College Not For All

       I'm going to start by saying that I went to college, my wife went to college, my siblings went to college, I want my children to go to college, and everyone I work with went to college.  I'm a big fan of "going to college".  College provides specialized knowledge in a specific field of study; often by people who are experts in that field.  There is a benefit to going to college, but since this post is about "not going to college", I'll just say that the benefits of college are well documented.


       So why am I (a lifelong educator) writing about not going to college?  Because public school desire to teach ALL students.  All students are welcome in our public schools.  We take all students.  We don't have some sort of litmus test that permits some students to enter our public schools and denies others t enter; we take everyone.  And in doing so, we have an obligation to teach all students.  This means that we teach the students who are college-bound as well as those that are not.  This leads to the dilemma of all public schools: Are we preparing students for college?  Are we preparing them for the world of work?  Or, Are we doing both?  (And if the answer is the latter, then How do we do that?)

       We know that all students won't go to college.  (source)  We also know that some will go to college and won't finish college. (sourceHere is a slideshow of 25 jobs that don't require a college degree--although nearly all (or actually all) of these jobs require some sort of education and/or training beyond high school.  So the question remains, How do prepare the college-bound students and the non-college-bound students at the same time?

       The simple answer is that this is a complex problem.  It is a problem that (in my opinion) requires multiple options and pathways for high school students.  It is a problem that does not lend itself to one-size-fits-all solutions.

       It is fair to say that all public schools recognize this need to prepare students for their lives beyond high school--whatever they may be.  But it is also fair to say that some requirements are aimed (more) at the college-bound students than at the non-college-bound students.

       My solution views these two subgroups of students as much more alike then different in terms of the skills and knowledge that they need for both college and work.  Clearly, reading and basic mathematics understanding is needed.  By "reading", I include understanding the context of what is being read; and I include reading and understanding non-fiction and technical manuals.  Our civilized world requires reading.  Medical reports, insurance papers, legal documents such as wills and mortgages all require a level of reading in which people can read and understand.  By "basic mathematics", I include understanding and calculating things such as sales tax and interest income.  People should be able to gain information from a chart, graph, or table of numbers.  People need to know what a percent means and what fractions mean.  Calculators can do the calculations, but people need to do the "understanding".  Beyond reading and mathematics, I believe that a good understanding of other typical high school subjects is needed to help people gain an understanding of the world and the people around them.  These include science, history, art, some computer skills, health, and knowing a foreign language--which is extremely common outside of the United States.
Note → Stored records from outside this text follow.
Section PoissonBracket.
Variables (K : fieldType) (n : nat) (br : 'rV[K]_n -> 'rV[K]_n -> 'rV[K]_n).
Hypothesis hbr : is_lie_bracket br.
Local Notation vec := 'rV[K]_n.
Local Notation poly := {mpoly K[n]}.

Lemma lin_is_linear : linear (@lin K n).
Proof.
move=> a u v; rewrite /lin scaler_sumr -big_split; apply: eq_bigr => i _.
by rewrite !mxE scalerDl scalerA.
Qed.
HB.instance Definition _ := GRing.isLinear.Build K vec poly _ (@lin K n) lin_is_linear.

Lemma mderiv_lin j (v : vec) : mderiv j (lin v) = (v ord0 j)%:MP.
Proof.
rewrite /lin raddf_sum /= (bigD1 j) //= big1 => [|i /negbTE nij].
  rewrite mderivZ mderivX mnm1E eqxx.
  have -> : (U_(j) - U_(j))%MM = 0%MM by apply/mnmP => k; rewrite mnmBE subnn mnm0E.
  by rewrite mpolyX0 scale1r -mul_mpolyC -mpolyCM mulr1 addr0.
by rewrite mderivZ mderivX mnm1E nij scale0r scaler0.
Qed.

Lemma evalp0 (x : vec) : evalp 0 x = 0.
Proof. exact: meval0. Qed.
Lemma evalpC c (x : vec) : evalp c%:MP x = c.
Proof. exact: mevalC. Qed.
Lemma evalpN (f : poly) x : evalp (- f) x = - evalp f x.
Proof. exact: mevalN. Qed.
Lemma evalpD (f g : poly) x : evalp (f + g) x = evalp f x + evalp g x.
Proof. exact: mevalD. Qed.
Lemma evalpM (f g : poly) x : evalp (f * g) x = evalp f x * evalp g x.
Proof. exact: mevalM. Qed.
Lemma evalpZ c (f : poly) x : evalp (c *: f) x = c * evalp f x.
Proof. exact: mevalZ. Qed.
Lemma evalp_sum (x : vec) (I : Type) (r : seq I) (P : pred I) (F : I -> poly) :
  evalp (\sum_(i <- r | P i) F i) x = \sum_(i <- r | P i) evalp (F i) x.
Proof. exact: raddf_sum. Qed.
Lemma evalp_lin (v x : vec) : evalp (lin v) x = \sum_(k < n) x ord0 k * v ord0 k.
Proof.
rewrite /lin evalp_sum; apply: eq_bigr => k _.
by rewrite evalpZ /evalp mevalXU mulrC.
Qed.

Lemma dpolyC c (x : vec) : dpoly (c%:MP : poly) x = 0.
Proof. by apply/rowP => i; rewrite !mxE mderivC evalp0. Qed.
Lemma dpolyD (f g : poly) x : dpoly (f + g) x = dpoly f x + dpoly g x.
Proof. by apply/rowP => i; rewrite !mxE mderivD evalpD. Qed.
Lemma dpolyZ c (f : poly) x : dpoly (c *: f) x = c *: dpoly f x.
Proof. by apply/rowP => i; rewrite !mxE mderivZ evalpZ. Qed.
Lemma dpolyM (f g : poly) x :
  dpoly (f * g) x = evalp f x *: dpoly g x + evalp g x *: dpoly f x.
Proof. by apply/rowP => i; rewrite !mxE mderivM evalpD !evalpM; ring. Qed.
Lemma dpoly_lin (v x : vec) : dpoly (lin v) x = v.
Proof. by apply/rowP => i; rewrite !mxE mderiv_lin evalpC. Qed.

Lemma PhiE x u v : Phi br x u v = evalp (lin (br u v)) x.
Proof. by rewrite evalp_lin. Qed.

Lemma evalp_pbr f g x : evalp (pbr br f g) x = Phi br x (dpoly f x) (dpoly g x).
Proof.
rewrite PhiE (br_expand hbr) linear_sum evalp_sum /pbr evalp_sum; apply: eq_bigr => i _.
rewrite linear_sum !evalp_sum; apply: eq_bigr => j _.
by rewrite linearZ evalpZ !evalpM /dpoly !mxE; ring.
Qed.

Definition pder (eta : vec) (f : poly) : poly :=
  \sum_(i < n) lin (br (delta_mx ord0 i) eta) * mderiv i f.

Lemma pder_is_linear eta : linear (pder eta).
Proof.
move=> a f g; rewrite /pder scaler_sumr -big_split; apply: eq_bigr => i _.
by rewrite mderivD mderivZ mulrDr scalerAr.
Qed.
HB.instance Definition _ eta :=
  GRing.isLinear.Build K poly poly _ (pder eta) (pder_is_linear eta).

Lemma pderC eta c : pder eta c%:MP = 0.
Proof. by rewrite /pder big1 // => i _; rewrite mderivC mulr0. Qed.
Lemma pderM eta f g : pder eta (f * g) = f * pder eta g + g * pder eta f.
Proof.
rewrite /pder !mulr_sumr -big_split; apply: eq_bigr => i _.
by rewrite mderivM /=; ring.
Qed.
Lemma pder_lin eta v : pder eta (lin v) = lin (br v eta).
Proof.
rewrite /pder {2}[v]row_sum_delta (br_suml hbr) linear_sum; apply: eq_bigr => i _.
by rewrite mderiv_lin (brZl hbr) linearZ mulrC mul_mpolyC.
Qed.

Lemma pbrE f g : pbr br f g = \sum_(j < n) pder (delta_mx ord0 j) f * mderiv j g.
Proof.
rewrite /pbr exchange_big; apply: eq_bigr => j _; rewrite /pder mulr_suml.
exact: eq_bigr.
Qed.

Lemma pbr_lin f eta : pbr br f (lin eta) = pder eta f.
Proof.
rewrite pbrE /pder; under eq_bigr do rewrite mulr_suml.
rewrite exchange_big; apply: eq_bigr => i _; rewrite {2}[eta]row_sum_delta.
rewrite (br_sumr hbr) linear_sum mulr_suml; apply: eq_bigr => j _.
by rewrite mderiv_lin (brZr hbr) linearZ /= -!mul_mpolyC; ring.
Qed.

Lemma pbrC f g : pbr br f g = - pbr br g f.
Proof.
rewrite /pbr exchange_big -sumrN; apply: eq_bigr => i _.
rewrite -sumrN; apply: eq_bigr => j _.
rewrite [br (delta_mx _ j) _](brC hbr) linearN; ring.
Qed.

Lemma pbrCl c h : pbr br c%:MP h = 0.
Proof. by rewrite pbrE big1 // => j _; rewrite pderC mul0r. Qed.
Lemma pbrDl f g h : pbr br (f + g) h = pbr br f h + pbr br g h.
Proof. by rewrite !pbrE -big_split; apply: eq_bigr => j _; rewrite linearD mulrDl. Qed.
Lemma pbrZl c f h : pbr br (c *: f) h = c *: pbr br f h.
Proof. by rewrite !pbrE scaler_sumr; apply: eq_bigr => j _; rewrite linearZ scalerAl. Qed.
Lemma pbrMl f g h : pbr br (f * g) h = f * pbr br g h + g * pbr br f h.
Proof.
rewrite !pbrE !mulr_sumr -big_split; apply: eq_bigr => j _.
by rewrite pderM /=; ring.
Qed.

Lemma pbrCr c h : pbr br h c%:MP = 0.
Proof. by rewrite pbrC pbrCl oppr0. Qed.
Lemma pbrDr f g h : pbr br h (f + g) = pbr br h f + pbr br h g.
Proof. by rewrite pbrC pbrDl opprD -!pbrC. Qed.
Lemma pbrZr c f h : pbr br h (c *: f) = c *: pbr br h f.
Proof. by rewrite pbrC pbrZl -scalerN -pbrC. Qed.
Lemma pbrMr f g h : pbr br h (f * g) = f * pbr br h g + g * pbr br h f.
Proof. by rewrite pbrC pbrMl opprD -!mulrN -!pbrC. Qed.

End PoissonBracket.

Section Subalgebra.
Variables (K : fieldType) (n : nat) (S : {mpoly K[n]} -> Prop).
Hypothesis hS : is_subalg S.

Lemma subalgC c : S c%:MP. Proof. by case: hS => SC _ _ _; apply: SC. Qed.
Lemma subalgD f g : S f -> S g -> S (f + g). Proof. by case: hS => _ SD _ _; apply: SD. Qed.
Lemma subalgM f g : S f -> S g -> S (f * g). Proof. by case: hS => _ _ SM _; apply: SM. Qed.
Lemma subalgZ c f : S f -> S (c *: f). Proof. by case: hS => _ _ _ SZ; apply: SZ. Qed.
Lemma subalgN f : S f -> S (- f). Proof. by move=> Sf; rewrite -scaleN1r; apply: subalgZ. Qed.

Lemma subalg_sum (I : Type) (r : seq I) (P : pred I) (F : I -> {mpoly K[n]}) :
  (forall i, P i -> S (F i)) -> S (\sum_(i <- r | P i) F i).
Proof.
move=> SF; elim/big_rec: _ => [|i f Pi Sf]; last by apply: subalgD => //; apply: SF.
by rewrite -mpolyC0; apply: subalgC.
Qed.

Lemma subalg_prod (I : Type) (r : seq I) (P : pred I) (F : I -> {mpoly K[n]}) :
  (forall i, P i -> S (F i)) -> S (\prod_(i <- r | P i) F i).
Proof.
move=> SF; elim/big_rec: _ => [|i f Pi Sf]; last by apply: subalgM => //; apply: SF.
exact: (subalgC 1).
Qed.

Lemma subalg_comp k (t : 'I_k -> {mpoly K[n]}) (q : {mpoly K[k]}) :
  (forall j, S (t j)) -> S (comp_mpoly [tuple t j | j < k] q).
Proof.
move=> St; rewrite [q]mpolyE raddf_sum /=; apply: subalg_sum => m _.
rewrite comp_mpolyZ comp_mpolyX; apply/subalgZ/subalg_prod => i _.
rewrite tnth_mktuple; elim: (m i) => [|e Se]; first exact: (subalgC 1).
by rewrite exprS; apply: subalgM.
Qed.

End Subalgebra.

Section Isotropy.
Variables (K : fieldType) (n : nat) (br : 'rV[K]_n -> 'rV[K]_n -> 'rV[K]_n).
Hypothesis hbr : is_lie_bracket br.
Local Notation vec := 'rV[K]_n.
Local Notation poly := {mpoly K[n]}.
Implicit Types (x u v w : vec) (F G : poly -> Prop).

Lemma PhiDl x u v w : Phi br x (u + v) w = Phi br x u w + Phi br x v w.
Proof. by rewrite !PhiE (brDl hbr) linearD evalpD. Qed.
Lemma PhiDr x u v w : Phi br x w (u + v) = Phi br x w u + Phi br x w v.
Proof. by rewrite !PhiE (brDr hbr) linearD evalpD. Qed.
Lemma PhiZl x a u w : Phi br x (a *: u) w = a * Phi br x u w.
Proof. by rewrite !PhiE (brZl hbr) linearZ evalpZ. Qed.
Lemma PhiZr x a u w : Phi br x w (a *: u) = a * Phi br x w u.
Proof. by rewrite !PhiE (brZr hbr) linearZ evalpZ. Qed.
Lemma PhiC x u v : Phi br x u v = - Phi br x v u.
Proof. by rewrite !PhiE (brC hbr) linearN evalpN. Qed.
Lemma Phixx x u : Phi br x u u = 0.
Proof. by rewrite PhiE (brvv hbr) linear0 evalp0. Qed.
Lemma PhiBl x u v w : Phi br x (u - v) w = Phi br x u w - Phi br x v w.
Proof. by rewrite -scaleN1r PhiDl PhiZl mulN1r. Qed.
Lemma Phi_suml x (I : Type) (r : seq I) (P : pred I) (G : I -> vec) w :
  Phi br x (\sum_(i <- r | P i) G i) w = \sum_(i <- r | P i) Phi br x (G i) w.
Proof.
by rewrite PhiE (br_suml hbr) linear_sum evalp_sum; apply: eq_bigr => i _; rewrite PhiE.
Qed.
Lemma Phi_sumr x (I : Type) (r : seq I) (P : pred I) (G : I -> vec) w :
  Phi br x w (\sum_(i <- r | P i) G i) = \sum_(i <- r | P i) Phi br x w (G i).
Proof.
by rewrite PhiE (br_sumr hbr) linear_sum evalp_sum; apply: eq_bigr => i _; rewrite PhiE.
Qed.
Lemma evalE_open_image U : tg_open (Cp_Z X) U ->
  exists2 W, tg_open (Dual R DG) W & forall g, cont g -> (U g <-> W (E g)).
Proof.
move=> oU; pose pinned (s : seq (X * int)) g := forall p, p \in s -> g p.1 = p.2.
exists [set Phi | exists2 s, (forall g, cont g -> pinned s g -> U g) &
                             forall p, p \in s -> pin_nbhd p.1 p.2 Phi].
  move=> Phi _ [s sU sPhi].
  exists [set` flatten [seq pin_tests R p.1 p.2 | p <- s]]; split=> //.
  - by move=> Q /flattenP[_ /mapP[p _ ->]]; exact: pin_tests_subbase.
  - by move=> Q /flattenP[_ /mapP[p ps ->] Qp]; exact: sPhi p ps Q Qp.
  move=> Psi _ Psi_tests; exists s => // p ps Q Qp; apply: Psi_tests.
  by apply/flattenP; exists (pin_tests R p.1 p.2) => //; apply/mapP; exists p.
move=> g cg; split=> [Ug|[s sU sEg]]; last first.
  by apply: sU => // p /sEg /(evalE_pin_nbhd R _ _ cg).
have [F FU] := (Cp_openP U).1 oU g cg Ug.
exists [seq (x, g x) | x <- F] => [f cf fF|_ /mapP[x _ ->]].
  by apply: FU => // x xF; apply: (fF (x, g x)); apply/mapP; exists x.
exact/(evalE_pin_nbhd R _ _ cg).
Qed.
End EvaluationMap.

Theorem proposition6p5 (R : realType) (X : topologicalType) :
  hausdorff_space X -> completely_regular_space X ->
  clopen_base_space X -> N_compact X -> ~ measurable_cardinality X ->
  top_iso_onto_image (@evalE R (Cp_Z X)).
Proof.
move=> X_T2 _ X_zero_dim _ _; split.
- by move=> g; exact: evalE_dual_character.
- exact: evalE_add.
- exact: evalE_injective.
- exact: evalE_continuous.
- exact: evalE_open_image.
Qed.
       Beyond these academics, I believe that the rules and regulations that take place in a high school and in the classroom should instill in our students a sense of right and wrong as well as a sense of how to exist as an adult in society.  When my daughter was in kindergarten, her teacher told us that everything they do has a purpose.  What may look like "fun" or "downtime" to the non-kindergarten-teacher observer, has a purpose.  Similarly, everything in high school should have a purpose.  Whether you are going to college or work, you need to be on time, you need to be polite, you need to listen.  You need to learn from others and you need to be able to work with others.  You need to know that sometimes you'll get some help to do things and sometimes you have to do things on your own.  You need to be responsible and you need to take on responsibilities.

       It seems to me that when employers complain about young people in the workplace, it isn't so much that they lack reading and mathematics skills--although I hear this as well.  It is more that they lack the ability to accept responsibilities, to understand written and verbal directions, and to follow through on important tasks.  These skills are needed for the college students also.

       College isn't for everyone.  But public schools and their graduation requirements and daily rules and regulations are for everyone.  Learning is a lifelong skill.  It doesn't stop on graduation day.  We want all students to succeed regardless of the path they take after college.